In November 2019 the NGO Mexican Commission for the Defense and Promotion of Human Rights released a 12-year study on torture, which registered 27,342 investigations from 2006 to 2018. There were 10,787 federal investigations and 16,555 state-level investigations, of which 50 resulted in sentences, 15 of which were later exonerated.
Between January and August 20, the CNDH registered 25 complaints of torture and 132 for arbitrary detention. The majority of these complaints were against authorities in the Prosecutor General’s Office, Federal Police, Interior Ministry, and the navy. As of April, 20 of 32 states had specialized prosecutor’s offices for torture as called for by law.

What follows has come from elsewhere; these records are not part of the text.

Lemma swapf_fin a b : exists L : list atom, forall c, swapf a b c <> c -> In c L.
Proof.
  exists [a; b]; intros c Hc; unfold swapf in Hc.
  destruct (classic (c = a)) as [E1|E1]; [subst; simpl; auto|].
  destruct (classic (c = b)) as [E2|E2]; [subst; simpl; auto|].
  rewrite (dec_false E1), (dec_false E2) in Hc; congruence.
Qed.

Definition pswap (a b : atom) (H : asort a = asort b) : perm :=
  {| pf := swapf a b; pinv := swapf a b;
     pinvK := swapfK a b; pfK := swapfK a b;
     psort := swapf_sort a b H; pfinite := swapf_fin a b |}.

Arguments pswap {a b}.

Definition supports (T : Type) (act : perm -> T -> T) (L : list atom) (x : T) : Prop :=
  forall p : perm, (forall a, In a L -> pf p a = a) -> act p x = x.

Arguments supports {T}.

(* a \in supp(x): the least finite support = intersection of all finite supports *)
Definition in_supp (T : Type) (act : perm -> T -> T) (a : atom) (x : T) : Prop :=
  forall L, supports act L x -> In a L.

Arguments in_supp {T}.

Record nomset := {
  ncar :> Type;
  nact : perm -> ncar -> ncar;
  nact_id : forall p x, (forall a, pf p a = a) -> nact p x = x;
  nact_comp : forall p q r x, (forall a, pf r a = pf p (pf q a)) ->
                nact r x = nact p (nact q x);
  nfin : forall x, exists L, supports nact L x;
  ninh : inhabited ncar }.
Arguments nact : clear implicits.

Context (BS : Type).

Inductive sort :=
| SName (al : NS)
| SBase (b : BS)
| SPred
| SAbs (al : NS) (t : sort)
| SProd (t1 t2 : sort).

Record carrier := { cT : Type; cact : perm -> cT -> cT }.
Arguments cact : clear implicits.

(* nominal abstraction [A_alpha]C: alpha-equivalence classes of pairs *)
Definition alpha_class (C : carrier) (a : atom) (x : cT C) : atom * cT C -> Prop :=
  fun bz => (fst bz = a /\ snd bz = x) \/
            (exists H : asort (fst bz) = asort a,
                ~ in_supp (cact C) (fst bz) x /\ snd bz = cact C (pswap H) x).

Arguments alpha_class : clear implicits.

Definition absT (al : NS) (C : carrier) : Type :=
  { S : atom * cT C -> Prop | exists a x, asort a = al /\ S = alpha_class C a x }.

Definition abs_mk (al : NS) (C : carrier) (a : atom) (Ha : asort a = al) (x : cT C)
  : absT al C :=
  exist _ (alpha_class C a x) (ex_intro _ a (ex_intro _ x (conj Ha eq_refl))).

Arguments abs_mk : clear implicits.

Definition abs_act (al : NS) (C : carrier) (p : perm) (S : absT al C) : absT al C :=
  let (a, Ha) := constructive_indefinite_description _ (proj2_sig S) in
  let (x, Hx) := constructive_indefinite_description _ Ha in
  abs_mk al C (pf p a) (eq_trans (psort p a) (proj1 Hx)) (cact C p x).

Definition abs_carrier (al : NS) (C : carrier) : carrier :=
  {| cT := absT al C; cact := @abs_act al C |}.

Definition name_act (al : NS) (p : perm) (a : {a : atom | asort a = al})
  : {a : atom | asort a = al} :=
  exist _ (pf p (proj1_sig a)) (eq_trans (psort p _) (proj2_sig a)).
(* Let $\varphi=\nu\tilde n.\sigma$ be a frame that is well-formed with respect to a name $\mathtt{s}$, where $\mathtt{s}\in\tilde n$ is a restricted name of $\varphi$. Then $\varphi\nvdash \mathtt{s}$ if and only if $\varphi[\mathtt{s}/M]\approx \varphi[\mathtt{s}/M']$ for all closed terms $M,M'$ that are public with respect to $\varphi$.
   Context: Terms are built over the signature $\Sigma$ consisting of $\mathsf{enc}$ (arity 3), $\mathsf{dec}$ (2), $\mathsf{enca}$ (3), $\mathsf{deca}$ (2), $\mathsf{pub}$ (1), $\mathsf{priv}$ (1), pairing $\langle\cdot,\cdot\rangle$ (2), $\pi_1,\pi_2$ (1), $\mathsf{sign}$ (2), $\mathsf{check}$ (3), $\mathsf{retrieve}$ (1), together with a set of constants (including $\mathsf{ok}$), an infinite set $\mathcal N$ of names and an infinite set $\mathcal X$ of variables. Constructors are $\langle\rangle,\mathsf{enc},\mathsf{enca},\mathsf{sign}$; destructors are $\pi_1,\pi_2,\mathsf{dec},\mathsf{deca},\mathsf{check},\mathsf{retrieve}$. $\mathrm{fn}(T)$ is the set of names of $T$; a term is closed (ground) if it has no variables. Positions are finite sequences of positive integers ($\epsilon$ the root), $T|_p$ is the subterm at $p$. The equational theory $E$ is generated by $\pi_1(\langle z_1,z_2\rangle)=z_1$, $\pi_2(\langle z_1,z_2\rangle)=z_2$, $\mathsf{dec}(\mathsf{enc}(z_1,z_2,z_3),z_2)=z_1$, $\mathsf{deca}(\mathsf{enca}(z_1,\mathsf{pub}(z_2),z_3),\mathsf{priv}(z_2))=z_1$, $\mathsf{check}(z_1,\mathsf{sign}(z_1,\mathsf{priv}(z_2)),\mathsf{pub}(z_2))=\mathsf{ok}$, $\mathsf{retrieve}(\mathsf{sign}(z_1,z_2))=z_1$; $=_E$ is the induced equality. A frame $\varphi=\nu\tilde n.\sigma$ consists of a finite set $\tilde n$ of (restricted) names and an acyclic substitution $\sigma=\{y_1\mapsto M_1,\dots,y_l\mapsto M_l\}$; $\mathrm{dom}(\varphi)=\{y_1,\dots,y_l\}$, $\mathrm{ran}(\sigma)=\{M_1,\dots,M_l\}$. A term is public w.r.t. $\varphi$ (or w.r.t. $\tilde n$) if it contains no name of $\tilde n$ and no symbol $\mathsf{priv}$. Deducibility $\varphi\vdash M$ is the smallest relation such that $\varphi\vdash x\sigma$ for $x\in\mathrm{dom}(\sigma)$, $\varphi\vdash m$ for every name $m\notin\tilde n$, if $\varphi\vdash T_1,\dots,\varphi\vdash T_k$ then $\varphi\vdash f(T_1,\dots,T_k)$ for every $f\neq\mathsf{priv}$ of arity $k$, and if $\varphi\vdash T$ and $T=_E T'$ then $\varphi\vdash T'$. For $\mathtt{s}\in\tilde n$ and $M$ with $\mathrm{fn}(M)\cap\tilde n=\emptyset$, $\varphi[\mathtt{s}/M]=\nu\tilde n.\sigma[\mathtt{s}/M]$ replaces every occurrence of $\mathtt{s}$ in the terms of $\sigma$ by $M$. A frame $\nu\tilde n.\sigma$ passes the test $(U,V)$ if, after renaming the names of $\tilde n$ so that none occurs in $U$ or $V$, $U\sigma=_E V\sigma$. Two frames $\varphi,\varphi'$ are statically equivalent, $\varphi\approx\varphi'$, if $\mathrm{dom}(\varphi)=\mathrm{dom}(\varphi')$ and for all terms $U,V$ public w.r.t. both frames with variables in $\mathrm{dom}(\varphi)$, $\varphi$ passes $(U,V)$ iff $\varphi'$ passes $(U,V)$. An encryption (occurrence) in a term $U$ is a position $q$ with head symbol of $U|_q$ in $\{\mathsf{enc},\mathsf{enca}\}$. It is an agent encryption w.r.t. a set of names $\tilde m$ if $U|_{q\cdot 3}\in\tilde m$. It is a probabilistic encryption w.r.t. a set of terms $S$ if for every $V\in S$ and position $p$ with $V|_p=U|_{q\cdot 3}$ we have $p=q'\cdot 3$ for some $q'$ with $V|_{q'}=U|_q$. A frame $\varphi=\nu\tilde n.\sigma$ is well-formed w.r.t. a name $\mathtt{s}$ if: (1) every encryption occurring in the terms of $\sigma$ is an agent encryption w.r.t. $\tilde n\setminus\{\mathtt{s}\}$ and a probabilistic encryption w.r.t. $\mathrm{ran}(\sigma)$; (2) for all subterms $\mathsf{enc}(M,K,R)$, $\mathsf{enca}(M',K',R')$, $\mathsf{sign}(U,V)$, $\mathsf{pub}(W)$, $\mathsf{priv}(W')$ of terms of $\varphi$, $\mathtt{s}\notin\mathrm{fn}(K,K',V,W,W',R,R')$; (3) $\varphi$ contains no destructor symbol. *)

From Stdlib Require Import List Arith Relations.
Import ListNotations.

On July 27, Adolfo Gomez was found dead in his jail cell in Chiapas. Authorities declared Gomez hanged himself, but his family said his body showed signs of torture. Gomez was arrested with his wife Josefa in an operation that authorities stated uncovered a trafficking ring of 23 children, but later evidence showed the children were all members of the same extended family and were with their relatives. In August the Chiapas State Prosecutor General’s Office confirmed Gomez committed suicide and announced the arrest of the director and two penitentiary center employees accused of flagrant omission in their duty of care. The accused were released shortly after.
Impunity for torture was prevalent among the security forces. NGOs stated authorities failed to investigate torture allegations adequately. As of January 2019 the Prosecutor General’s Office was investigating 4,296 torture-related inquiries under the previous inquisitorial legal system (initiated prior to the 2016 transition to an accusatorial system) and 645 investigations under the accusatorial system. A 2019 report by the Prosecutor General’s Office stated it brought charges in one torture case during that year. The Office of the UN High Commissioner for Human Rights (OHCHR) signed an agreement with the government in April 2019 to provide human rights training to the National Guard, but as of October the OHCHR reported no training had been carried out.
Conditions in prisons and detention centers were often harsh and life threatening.
Physical Conditions: According to the Federal Prison System, as of June there were 210,287 inmates in 295 state and federal facilities with a designed capacity of 221,574. Some prisons were undersubscribed while others were overcrowded. According to online media El Economista, 46 percent of prisoners shared a cell with five or more other inmates and 13 percent shared a cell with 15 or more inmates. The state of Baja California had the highest number of overcrowded cells.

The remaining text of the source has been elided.